I have a list of topics (for now it's 10) whose size can increase in future. I know we can spawn multiple threads (per topic) to consume from each topic, but in my case if the number of topics increases, then the number of threads consuming from the topics increases, which I do not want, since the topics are not going to get data too frequently, so the threads will sit ideal.

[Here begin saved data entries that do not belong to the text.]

Lemma ext_no_long_induced_dicycle :
  no_long_induced_dicycle E -> no_long_induced_dicycle ext_arc.
Proof.
move=> E_ind l c l_gt3 c_ind; have arc := induced_dicycle_arc c_ind.
have c_copy i : exists t g u, c i = copy t g u.
  case ci: (c i) => [y|[t [g u]]]; last by exists t, g, u.
  have := ext_arc_hub_triangle (x := c (ord_pred i)) (y := y) (z := c (ordS i)).
  rewrite -[hub y]ci !arc ord_predK !eqxx => /(_ isT isT) /eqP /(congr1 (@ordS l)).
  by rewrite ord_predK => i_eq; have := ordS3_neq i l_gt3; rewrite /= -i_eq eqxx.
have [t [g [u0 c_i0]]] := c_copy (Ordinal (ltnW (ltnW l_gt3))).
pose in_copy b i := [exists v, c i == copy b g v].
have in_copy_i0 : in_copy t (Ordinal (ltnW (ltnW l_gt3))).
  by apply/existsP; exists u0; rewrite c_i0.
have all_in_copy : forall i, in_copy t i.
  case: t {c_i0} in_copy_i0 => in_copy_i0.
    apply: (ord_pred_closed in_copy_i0) => i /existsP[v /eqP ciSv].
    have [t' [g' [u' ci]]] := c_copy i; apply/existsP; exists u'.
    by have := arc i (ordS i); rewrite eqxx ci ciSv => /ext_arc_to_in_copy[-> ->].
  apply: (ordS_closed in_copy_i0) => i /existsP[v /eqP civ].
  have [t' [g' [u' ciS]]] := c_copy (ordS i); apply/existsP; exists u'.
  by have := arc i (ordS i); rewrite eqxx civ ciS => /ext_arc_from_out_copy[-> ->].
pose u i := xchoose (existsP (all_in_copy i)).
apply: (E_ind l u l_gt3); apply: induced_dicycle_embed c_ind => [v v'|i].
  exact: ext_arc_copy.
exact/eqP/(xchooseP (existsP (all_in_copy i))).
Qed.

Section Coloring.

Variables (n k : nat) (F : ext_vertex -> 'I_k).
Hypotheses (E_col : dicolorings_use E n) (F_ok : dicoloring ext_arc F).
Hypothesis few_colors : #|[set F x | x : ext_vertex]| <= n.

Lemma copy_sees_all_colors t g c :
  c \in [set F x | x : ext_vertex] -> exists u, F (copy t g u) = c.
Proof.
have copy_hom : {homo copy t g : u v / E u v >-> ext_arc u v}.
  by move=> u v; rewrite ext_arc_copy.
have copy_colors := E_col (dicoloring_embed (@copy_inj t g) copy_hom F_ok).
have sub : [set (F \o copy t g) u | u : T] \subset [set F x | x : ext_vertex].
  by apply/subsetP => _ /imsetP[u _ ->]; apply/imsetP; exists (copy t g u).
have /eqP <- : [set (F \o copy t g) u | u : T] == [set F x | x : ext_vertex].
  by rewrite eqEcard sub (leq_trans few_colors).
by case/imsetP=> u _ ->; exists u.
Qed.

Lemma hub_color_class_small c :
  c \in [set F x | x : ext_vertex] -> #|[set y | F (hub y) == c]| <= 2 * #|T|.
Proof.
move=> cF; set Yc := [set y | F (hub y) == c].
set Unreached := [set y in Yc | [forall x, ext_arc x (hub y) ==> (F x != c)]].
have small_unreached : #|Unreached| < #|T|.
  rewrite ltnNge; apply/negP => /exists_injective_into[g [g_inj gUnreached]].
  have [u Fu] := copy_sees_all_colors false g cF.
  have := gUnreached u; rewrite inE => /andP[_ /forallP /(_ (copy false g u))].
  by rewrite /= g_inj eqxx Fu eqxx.
have small_reached : #|Yc :\: Unreached| < #|T|.
  rewrite ltnNge; apply/negP => /exists_injective_into[h [h_inj hReached]].
  have [v Fv] := copy_sees_all_colors true h cF.
  have := hReached v; rewrite !inE => /andP[+ Fhv]; rewrite Fhv negb_forall.
  case/existsP=> x; rewrite negb_imply negbK => /andP[x_hv Fx].
  case: x x_hv Fx => [//|[[] [g u]]] x_hv Fx; first by rewrite /= in x_hv.
  have hv_v : ext_arc (hub (h v)) (copy true h v) by rewrite /= h_inj eqxx.
  apply: (dicycle3_not_acyclic x_hv hv_v (ext_arc_hub_triangle x_hv hv_v) _ Fx Fhv
            _ (@F_ok c)); [by [] | exact/eqP].
rewrite -(cardsID Unreached Yc) mul2n -addnn leq_add //.
  by apply: leq_trans (subset_leq_card (subsetIr _ _)) (ltnW small_unreached).
exact: ltnW.
Qed.

End Coloring.

Lemma ext_dicolorings_use n :
  dicolorings_use E n -> n * (2 * #|T|) < N -> dicolorings_use ext_arc n.+1.
Proof.
move=> E_col N_big k F F_ok; rewrite ltnNge; apply/negP => few_colors.
have F_hub y : F (hub y) \in [set F x | x : ext_vertex] by apply: imset_f.
have := card_le_fibers F_hub (hub_color_class_small E_col F_ok few_colors).
rewrite card_ord => /leq_trans/(_ (leq_mul few_colors (leqnn _))).
by rewrite leqNgt N_big.
Qed.

End Extension.

Lemma exists_digraph n : exists (T : finType) (E : rel T),
  [/\ simple_digraph E, dicolorings_use E n, clique_number_le E 3
     & no_long_induced_dicycle E].
Proof.
elim: n => [|n [T [E [E_simple E_col E_cl E_ind]]]].
  exists unit, (fun _ _ => false); split=> // [K _ | l c l_gt3 c_ind].
    by rewrite (leq_trans (max_card _)) // card_unit.
  pose i0 : 'I_l := Ordinal (ltnW (ltnW l_gt3)).
  by have := induced_dicycle_arc c_ind i0 (ordS i0); rewrite eqxx.
set N := (n * (2 * #|T|)).+1.
exists _, (@ext_arc _ E N); split.
- exact: ext_simple.
- exact: ext_dicolorings_use.
- exact: ext_clique.
- exact: ext_no_long_induced_dicycle.
Qed.

Theorem theorem1p5 :
  forall n : nat,
    exists (T : finType) (E : rel T),
      simple_digraph E /\
      dichromatic_ge E n /\
      clique_number_le E 3 /\
      (forall (l : nat) (c : 'I_l -> T),
          odd l -> (5 <= l)%N -> ~ induced_dicycle E c).
Proof.
move=> n; have [T [E [E_simple E_col E_cl E_ind]]] := exists_digraph n.
exists T, E; do !split=> //.
  move=> k k_lt_n f f_ok; have := leq_trans (E_col k f f_ok) (max_card _).
  by rewrite card_ord leqNgt k_lt_n.
by move=> l c _ l_ge5; apply: E_ind (ltnW l_ge5).
Qed.
Lemma norm1_lt N h d : (forall i, (i < N)%nat -> Rabs (h i) < d) -> norm1 N h <= INR N * d.
Proof.
  unfold norm1. induction N as [|N IH]; intros H; cbn [sumN]; [simpl; lra|].
  rewrite S_INR. assert (Rabs (h N) < d) by (apply H; lia).
  assert (sumN N (fun j => Rabs (h j)) <= INR N * d) by (apply IH; intros; apply H; lia). lra.
Qed.

Lemma norm1_scaled N h K d : 1 <= K -> 0 < d ->
  (forall i, (i < N)%nat -> Rabs (h i) < d / (K * (INR N + 1))) -> K * norm1 N h < d.
Proof.
  intros hK hd hh.
  assert (hN : 0 <= INR N) by apply pos_INR.
  assert (hn := norm1_lt N h _ hh).
  assert (K * norm1 N h <= K * (INR N * (d / (K * (INR N + 1)))))
    by (apply Rmult_le_compat_l; lra).
  assert (K * (INR N * (d / (K * (INR N + 1)))) = d * INR N / (INR N + 1)) by (field; lra).
  assert (d * INR N / (INR N + 1) < d).
  { apply (Rmult_lt_reg_r (INR N + 1)); [lra|].
    unfold Rdiv. rewrite Rmult_assoc, Rinv_l by lra. nra. }
  lra.
Qed.

Lemma uniform_radius (n : nat) (P : nat -> R -> Prop) :
  (forall i d d', 0 < d' <= d -> P i d -> P i d') ->
  (forall i, (i < n)%nat -> exists d, 0 < d /\ P i d) ->
  exists d, 0 < d /\ forall i, (i < n)%nat -> P i d.
Proof.
  intros hmono. induction n as [|n IH]; intros h.
  - exists 1. split; [lra | intros; lia].
  - destruct IH as [d1 [hd1 H1]]; [intros; apply h; lia|].
    destruct (h n ltac:(lia)) as [d2 [hd2 H2]].
    assert (0 < Rmin d1 d2) by (apply Rmin_pos; auto).
    exists (Rmin d1 d2). split; auto. intros i hi. destruct (Nat.eq_dec i n) as [->|].
    + apply (hmono n d2); auto. split; [auto | apply Rmin_r].
    + apply (hmono i d1); [split; [auto | apply Rmin_l] | apply H1; lia].
Qed.

Lemma uniform_bound_below_one (n : nat) (P : nat -> R -> Prop) :
  (forall i c c', c <= c' -> P i c -> P i c') ->
  (forall i, (i < n)%nat -> exists c, c < 1 /\ P i c) ->
  exists c, 0 <= c < 1 /\ forall i, (i < n)%nat -> P i c.
Proof.
  intros hmono. induction n as [|n IH]; intros h.
  - exists 0. split; [lra | intros; lia].
  - destruct IH as [c1 [hc1 H1]]; [intros; apply h; lia|].
    destruct (h n ltac:(lia)) as [c2 [hc2 H2]].
    exists (Rmax c1 c2). split.
    + split; [eapply Rle_trans; [|apply Rmax_l]; lra | apply Rmax_lub_lt; lra].
    + intros i hi. destruct (Nat.eq_dec i n) as [->|].
      * apply (hmono n c2); [apply Rmax_r | auto].
      * apply (hmono i c1); [apply Rmax_l | apply H1; lia].
Qed.

Lemma homog_self e i : homog e i i = 0.
Proof. unfold homog. rewrite Nat.eqb_refl. reflexivity. Qed.

Lemma homog_other e i j : i <> j -> homog e i j = e.
Proof. intro h. unfold homog. apply Nat.eqb_neq in h. rewrite h. reflexivity. Qed.

Definition lone_firing (N : nat) (U : R -> R) (e : R) (x : state) (f : nat) : Prop :=
  (f < N)%nat /\ x f = 1 /\
  forall i, (i < N)%nat -> i <> f -> 0 <= x i < 1 /\ U (x i) + e < 1.

Lemma theta_succ N eps U x k i : theta N eps U x (S k) i =
  decP (fst (aval N eps U x k) i < 1 <=
        fst (aval N eps U x k) i + sumN N (fun j => if theta N eps U x k j then eps i j else 0)).
Proof. unfold theta. simpl. destruct (aval N eps U x k). reflexivity. Qed.

Section Avalanche.

Variables (N : nat) (e : R) (U : R -> R) (D : nat -> R -> R).
Hypothesis rise : is_rise_function U D.

Lemma avalanche_empty x : (forall i, (i < N)%nat -> x i <> 1) ->
  forall K i, (i < N)%nat -> theta N (homog e) U x K i = false.
Proof.
  intros h. unfold theta.
  assert (forall K, fst (aval N (homog e) U x K) = (fun i => U (x i)) /\
                    forall i, (i < N)%nat -> snd (aval N (homog e) U x K) i = false) as H.
  { induction K as [|K [Hu Hth]].
    - split; auto. intros i hi. apply decP_false, h, hi.
    - simpl. destruct (aval N (homog e) U x K) as [u th]. simpl in Hu, Hth.
      assert (Hs : forall i, sumN N (fun j => if th j then homog e i j else 0) = 0).
      { intro i. apply sumN_zero. intros j hj. rewrite Hth; auto. }
      cbn [fst snd]. split.
      + apply functional_extensionality. intro i. rewrite Hs, Hu. ring.
      + intros i hi. apply decP_false. rewrite Hs. lra. }
  intros K. apply H.
Qed.

Lemma avalanche_first_generation x f : (f < N)%nat -> x f = 1 ->
  (forall i, (i < N)%nat -> i <> f -> x i <> 1) ->
  forall i, theta N (homog e) U x 1 i = decP (U (x i) < 1 <= U (x i) + homog e i f).
Proof.
  intros hf hx h i. unfold theta. simpl.
  rewrite (sumN_single N _ f hf).
  - rewrite (decP_true (x f = 1)) by auto. reflexivity.
  - intros j hj hjf. rewrite decP_false by (apply h; auto). reflexivity.
Qed.

Lemma avalanche_stops x f : lone_firing N U e x f ->
  forall K i, (1 <= K)%nat -> (i < N)%nat -> theta N (homog e) U x K i = false.
Proof.
  intros [hf [hx h]].
  assert (hbelow : forall i, (i < N)%nat -> i <> f -> x i <> 1).
  { intros i hi hif. destruct (h i hi hif). lra. }
  induction K as [|K IH]; intros i hK hi; [lia|].
  destruct K as [|K].
  - rewrite (avalanche_first_generation x f hf hx hbelow i). apply decP_false.
    destruct (Nat.eq_dec i f) as [->|hif].
    + rewrite hx, (U_one U D rise). lra.
    + rewrite homog_other by auto. destruct (h i hi hif). lra.
  - rewrite theta_succ. apply decP_false. rewrite sumN_zero; [lra|].
    intros j hj. rewrite IH; auto. lia.
Qed.

Lemma lone_firing_avalanche x f : lone_firing N U e x f ->
  forall i, (i < N)%nat ->
    (in_aval N (homog e) U x i <-> i = f) /\ received N (homog e) U x i = homog e i f.
Proof.
  intros hlone.
  destruct hlone as [hf [hx h]] eqn:Hl. clear Hl.
  assert (Hin : forall i, (i < N)%nat -> (in_aval N (homog e) U x i <-> i = f)).
  { intros i hi. split.
    - intros [K HK]. destruct K as [|K].
      + apply decP_holds in HK. destruct (Nat.eq_dec i f); auto.
        destruct (h i hi n). lra.
      + rewrite (avalanche_stops x f hlone (S K) i) in HK by lia. discriminate.
    - intros ->. exists O. apply decP_true. auto. }
  intros i hi. split; [apply Hin; auto|].
  unfold received. rewrite (sumN_single N _ f hf).
  - rewrite decP_true by (apply Hin; auto). reflexivity.
  - intros j hj hjf. rewrite decP_false by (rewrite Hin; auto). reflexivity.
Qed.

Lemma singleton_avalanche_lone x j : valid_state N x -> (j < N)%nat ->
  (forall i, (i < N)%nat -> (in_aval N (homog e) U x i <-> i = j)) ->
  lone_firing N U e x j.
Proof.
  intros hv hj hs.
  assert (first_gen : forall i, (i < N)%nat -> x i = 1 -> i = j).
  { intros i hi hxi. apply hs; auto. exists O. apply decP_true. auto. }
  assert (hxj : x j = 1).
  { apply NNPP. intro hn.
    assert (hn' : forall i, (i < N)%nat -> x i <> 1).
    { intros i hi hxi. apply hn. rewrite <- (first_gen i hi hxi). exact hxi. }
    destruct (proj2 (hs j hj) eq_refl) as [K HK].
    rewrite (avalanche_empty x hn' K j hj) in HK. discriminate. }
  assert (hbelow : forall i, (i < N)%nat -> i <> j -> x i < 1).
  { intros i hi hij. destruct (hv i hi). destruct (Req_dec (x i) 1); [|lra].
    exfalso. apply hij. apply first_gen; auto. }
  split; [auto | split; [auto|]].
  intros i hi hij. split; [split; [apply hv; auto | apply hbelow; auto]|].
  destruct (Rlt_le_dec (U (x i) + e) 1) as [|hge]; auto. exfalso.
  assert (U (x i) < 1).
  { rewrite <- (U_one U D rise). apply (U_incr U D rise); [apply hv | apply hbelow]; auto. }
  apply hij. apply hs; auto. exists 1%nat.
  rewrite (avalanche_first_generation x j hj hxj).
  - apply decP_true. rewrite homog_other by auto. lra.
  - intros k hk hkj. specialize (hbelow k hk hkj). lra.
Qed.

End Avalanche.

Definition after_event (U : R -> R) (e : R) (f : nat) (x : state) : state :=
  fun i => if Nat.eqb i f then 0 else pulse U e (x i).

Definition next_state (U : R -> R) (e : R) (f f' : nat) (x : state) : state :=
  fun i => after_event U e f x i + 1 - after_event U e f x f'.

Fixpoint orbit (U : R -> R) (e : R) (fs : nat -> nat) (x : state) (k : nat) : state :=
  match k with
  | O => x
  | S k' => next_state U e (fs k') (fs k) (orbit U e fs x k')
  end.

Definition lone_orbit (N : nat) (U : R -> R) (e : R) (fs : nat -> nat) (x : state) (m : nat) : Prop :=
  forall k, (k <= m)%nat -> lone_firing N U e (orbit U e fs x k) (fs k).

Lemma lone_firing_ext N U e x y f :
  (forall i, (i < N)%nat -> x i = y i) -> lone_firing N U e x f -> lone_firing N U e y f.
Proof.
  intros h [hf [hx hrest]]. split; [auto|]. split; [rewrite <- h; auto|].
  intros i hi hif. rewrite <- h by auto. auto.
Qed.
(* Let $G_1,G_2,H_1,H_2\in SL^+_{sym}(2)$. Then $$K^{min}=\sqrt{\lambda_{\max}\big(G_1^{-1/2}G_2G_1^{-1/2}\big)\ \lambda_{\max}\big(H_1^{-1/2}H_2H_1^{-1/2}\big)}.$$
   Context: $SL^+_{sym}(2)$: real symmetric positive definite $2\times2$ matrices with determinant $1$; $SL(2)$: real $2\times2$ matrices of determinant $1$; $\lambda_{\max}(M)$: largest eigenvalue of a symmetric $M$; $M^{-1/2}$ is the positive definite square root of $M^{-1}$. For $G_1,G_2,H_1,H_2\in SL^+_{sym}(2)$ define $$K^{min}:=\min_{A,B\in SL(2)}\ \max_{i=1,2}\ \lambda_{\max}(B^TG_iB)\,\lambda_{\max}(A^TH_iA).$$ *)

From Stdlib Require Import Reals Lra ClassicalEpsilon.
Open Scope R_scope.

Record M2 := mkM2 { m11 : R; m12 : R; m21 : R; m22 : R }.

Definition Id2 : M2 := mkM2 1 0 0 1.

Definition mmul (A B : M2) : M2 :=
  mkM2 (m11 A * m11 B + m12 A * m21 B) (m11 A * m12 B + m12 A * m22 B)
       (m21 A * m11 B + m22 A * m21 B) (m21 A * m12 B + m22 A * m22 B).

Definition mtr (A : M2) : M2 := mkM2 (m11 A) (m21 A) (m12 A) (m22 A).

Definition det2 (A : M2) : R := m11 A * m22 A - m12 A * m21 A.

Definition minv (A : M2) : M2 :=
  mkM2 (m22 A / det2 A) (- m12 A / det2 A) (- m21 A / det2 A) (m11 A / det2 A).

Definition is_sym (A : M2) : Prop := m12 A = m21 A.

Definition posdef (A : M2) : Prop :=
  forall x y : R, (x <> 0 \/ y <> 0) ->
    0 < x * (m11 A * x + m12 A * y) + y * (m21 A * x + m22 A * y).

Definition SLsymp (A : M2) : Prop := is_sym A /\ posdef A /\ det2 A = 1.

Definition SL2 (A : M2) : Prop := det2 A = 1.

Definition eigenvalue (A : M2) (l : R) : Prop :=
  exists x y : R, (x <> 0 \/ y <> 0) /\
    m11 A * x + m12 A * y = l * x /\ m21 A * x + m22 A * y = l * y.

Definition is_lambda_max (A : M2) (l : R) : Prop :=
  eigenvalue A l /\ forall m, eigenvalue A m -> m <= l.

(* largest eigenvalue (well defined for symmetric A) *)
Definition lambda_max (A : M2) : R :=
  epsilon (inhabits 0) (is_lambda_max A).

Definition minv_sqrt (A : M2) : M2 :=
  epsilon (inhabits Id2) (fun S => is_sym S /\ posdef S /\ mmul S S = minv A).

Definition Kobj (G1 G2 H1 H2 A B : M2) : R :=
  Rmax (lambda_max (mmul (mtr B) (mmul G1 B)) * lambda_max (mmul (mtr A) (mmul H1 A)))
       (lambda_max (mmul (mtr B) (mmul G2 B)) * lambda_max (mmul (mtr A) (mmul H2 A))).

Definition is_Kmin (G1 G2 H1 H2 : M2) (v : R) : Prop :=
  (exists A B, SL2 A /\ SL2 B /\ Kobj G1 G2 H1 H2 A B = v) /\
  (forall A B, SL2 A -> SL2 B -> v <= Kobj G1 G2 H1 H2 A B).

From Stdlib Require Import Reals Lra Psatz ClassicalEpsilon.
Open Scope R_scope.

(* The objective splits into a G-part depending on B and an H-part depending
   on A, so everything reduces to one pair (G1, G2) of matrices in SL^+_sym(2):
   - lower bound: for B in SL(2), mu <= lambda_max(B^T G1 B) lambda_max(B^T G2 B).
     Take a top eigenvector v of N = G1^{-1/2} G2 G1^{-1/2} and u = B^{-1} G1^{-1/2} v;
     then u^T (B^T G2 B) u = mu u^T (B^T G1 B) u, and the Rayleigh bounds for the
     det-1 matrix B^T G1 B (whose smallest eigenvalue is 1/lambda_max) give the claim;
   - attainment: B = G1^{-1/2} R D, with R a rotation diagonalizing N to
     diag(mu, 1/mu) and D = diag(mu^{-1/4}, mu^{1/4}), makes both factors sqrt mu.
   Multiplying the two lower bounds gives sqrt(mu nu) <= max of the two products. *)

Definition lmax2 (M : M2) : R :=
  (m11 M + m22 M) / 2 + sqrt (((m11 M - m22 M) / 2) ^ 2 + m12 M ^ 2).

Definition lmin2 (M : M2) : R := m11 M + m22 M - lmax2 M.

Definition qf (M : M2) (x y : R) : R :=
  x * (m11 M * x + m12 M * y) + y * (m21 M * x + m22 M * y).

(* lmax2 dominates both diagonal entries, and the gaps multiply to b^2:
   this is the characteristic equation (L - a)(L - d) = b^2. *)
Lemma lmax2_gaps a b c d :
  0 <= lmax2 (mkM2 a b c d) - a /\ 0 <= lmax2 (mkM2 a b c d) - d /\
  (lmax2 (mkM2 a b c d) - a) * (lmax2 (mkM2 a b c d) - d) = b * b.
Proof.
  unfold lmax2; cbn [m11 m12 m21 m22].
  set (r := sqrt (((a - d) / 2) ^ 2 + b ^ 2)).
  assert (r_nonneg : 0 <= r) by (unfold r; apply sqrt_pos).
  assert (r_sq : r * r = ((a - d) / 2) ^ 2 + b ^ 2).
  { unfold r; apply sqrt_sqrt.
    pose proof (pow2_ge_0 ((a - d) / 2)); pose proof (pow2_ge_0 b); lra. }
  repeat split; nra.
Qed.

Lemma eigenvalue_le_lmax2 M m : is_sym M -> eigenvalue M m -> m <= lmax2 M.
Proof.
  destruct M as [a b c d]; unfold is_sym, eigenvalue; simpl; intros <-.
  intros [x [y [Hxy [E1 E2]]]].
  (* eliminating the eigenvector gives the characteristic equation *)
  assert (Ex : ((a - m) * (d - m) - b * b) * x = 0).
  { transitivity ((d - m) * ((a * x + b * y) - m * x) - b * ((b * x + d * y) - m * y));
      [ring | rewrite E1, E2; ring]. }
  assert (Ey : ((a - m) * (d - m) - b * b) * y = 0).
  { transitivity ((a - m) * ((b * x + d * y) - m * y) - b * ((a * x + b * y) - m * x));
      [ring | rewrite E1, E2; ring]. }
  assert (char_eq : (a - m) * (d - m) - b * b = 0).
  { destruct Hxy as [Hx | Hy]; apply Rmult_integral in Ex; apply Rmult_integral in Ey;
      tauto. }
  unfold lmax2; cbn [m11 m12 m21 m22].
  set (r := sqrt (((a - d) / 2) ^ 2 + b ^ 2)).
  assert (r_nonneg : 0 <= r) by (unfold r; apply sqrt_pos).
  assert (r_sq : r * r = ((a - d) / 2) ^ 2 + b ^ 2).
  { unfold r; apply sqrt_sqrt.
    pose proof (pow2_ge_0 ((a - d) / 2)); pose proof (pow2_ge_0 b); lra. }
  nra.
Qed.

Lemma lmax2_eigenvalue M : is_sym M -> eigenvalue M (lmax2 M).
Proof.
  destruct M as [a b c d]; unfold is_sym, eigenvalue; simpl; intros <-.
  destruct (lmax2_gaps a b b d) as [_ [_ Hchar]].
  set (L := lmax2 (mkM2 a b b d)) in *.
  destruct (Req_dec b 0) as [Hb | Hb]; [destruct (Req_dec (L - a) 0) as [Ha | Ha] |].
  - exists 1, 0; split; [left; lra | subst b; split; lra].
  - exists b, (L - a); split; [right; exact Ha | split; nra].
  - exists b, (L - a); split; [left; exact Hb | split; nra].
Qed.

Lemma lambda_max_sym M : is_sym M -> lambda_max M = lmax2 M.
Proof.
  intros Hsym.
  assert (Hspec : is_lambda_max M (lmax2 M)).
  { split; [apply lmax2_eigenvalue | intros m; apply eigenvalue_le_lmax2]; auto. }
  destruct (epsilon_spec (inhabits 0) (is_lambda_max M) (ex_intro _ _ Hspec))
    as [Heig Hmax].
  destruct Hspec as [Heig' Hmax'].
  apply Rle_antisym; auto.
Qed.

Lemma form_nonneg p q b x y : 0 <= p -> 0 <= q -> p * q = b * b ->
  0 <= p * x * x - 2 * b * x * y + q * y * y.
Proof.
  intros Hp Hq Hpq. destruct Hp as [Hp | <-].
  - assert (Hsq : p * (p * x * x - 2 * b * x * y + q * y * y)
                  = (p * x - b * y) * (p * x - b * y) + (p * q - b * b) * y * y)
      by ring.
    rewrite Hpq, Rminus_diag, !Rmult_0_l, Rplus_0_r in Hsq.
    apply (Rmult_le_reg_l p); [exact Hp |].
    rewrite Rmult_0_r, Hsq. apply Rle_0_sqr.
  - assert (b = 0) by nra. subst b. nra.
Qed.

Lemma qf_le_lmax2 M x y : is_sym M -> qf M x y <= lmax2 M * (x * x + y * y).
Proof.
  destruct M as [a b c d]; unfold is_sym, qf; simpl; intros <-.
  destruct (lmax2_gaps a b b d) as [Ha [Hd Hchar]].
  pose proof (form_nonneg _ _ b x y Ha Hd Hchar). lra.
Qed.

Lemma lmin2_le_qf M x y : is_sym M -> lmin2 M * (x * x + y * y) <= qf M x y.
Proof.
  destruct M as [a b c d]; unfold is_sym, lmin2, qf; simpl; intros <-.
  destruct (lmax2_gaps a b b d) as [Ha [Hd Hchar]].
  assert (Hchar' : (lmax2 (mkM2 a b b d) - d) * (lmax2 (mkM2 a b b d) - a)
                   = (- b) * (- b)) by lra.
  pose proof (form_nonneg _ _ (- b) x y Hd Ha Hchar'). lra.
Qed.

Lemma lmin2_mul_lmax2 M : is_sym M -> lmin2 M * lmax2 M = det2 M.
Proof.
  destruct M as [a b c d]; unfold is_sym, lmin2, det2; simpl; intros <-.
  destruct (lmax2_gaps a b b d) as [_ [_ Hchar]]. lra.
Qed.

Lemma lmin2_le_lmax2 M : is_sym M -> lmin2 M <= lmax2 M.
Proof.
  destruct M as [a b c d]; unfold is_sym, lmin2; simpl; intros <-.
  destruct (lmax2_gaps a b b d) as [Ha [Hd _]]. lra.
Qed.

Lemma lambda_max_diag x y : lambda_max (mkM2 x 0 0 y) = Rmax x y.
Proof.
  rewrite lambda_max_sym by reflexivity. unfold lmax2; cbn [m11 m12 m21 m22].
  replace (((x - y) / 2) ^ 2 + 0 ^ 2) with (Rsqr ((x - y) / 2))
    by (unfold Rsqr; ring).
  rewrite sqrt_Rsqr_abs. unfold Rmax, Rabs.
  destruct (Rle_dec x y); destruct (Rcase_abs ((x - y) / 2)); lra.
Qed.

Is there any way to have a single consumer to consume from all topics? If yes, then how can we achieve it? Also how will the offset be maintained by Kafka? Please suggest answers.

khelwood
  • 55,782
  • 14
  • 81
  • 108
Akhil
  • 1,184
  • 1
  • 18
  • 42
  • Even if my Consumer is subscribed to multiple topics, is there any ordering guarantee for the data I'm receiving? If another identical consumer was subscribed to the same set of topics, would they get records in the exact same order? – Aaron Apr 23 '23 at 08:24

2 Answers2

29

We can subscribe for multiple topic using following API :

consumer.subscribe(Arrays.asList(topic1,topic2), ConsumerRebalanceListener obj)

Consumer has the topic info and we can commit using consumer.commitAsync or consumer.commitSync() by creating OffsetAndMetadata object as follows.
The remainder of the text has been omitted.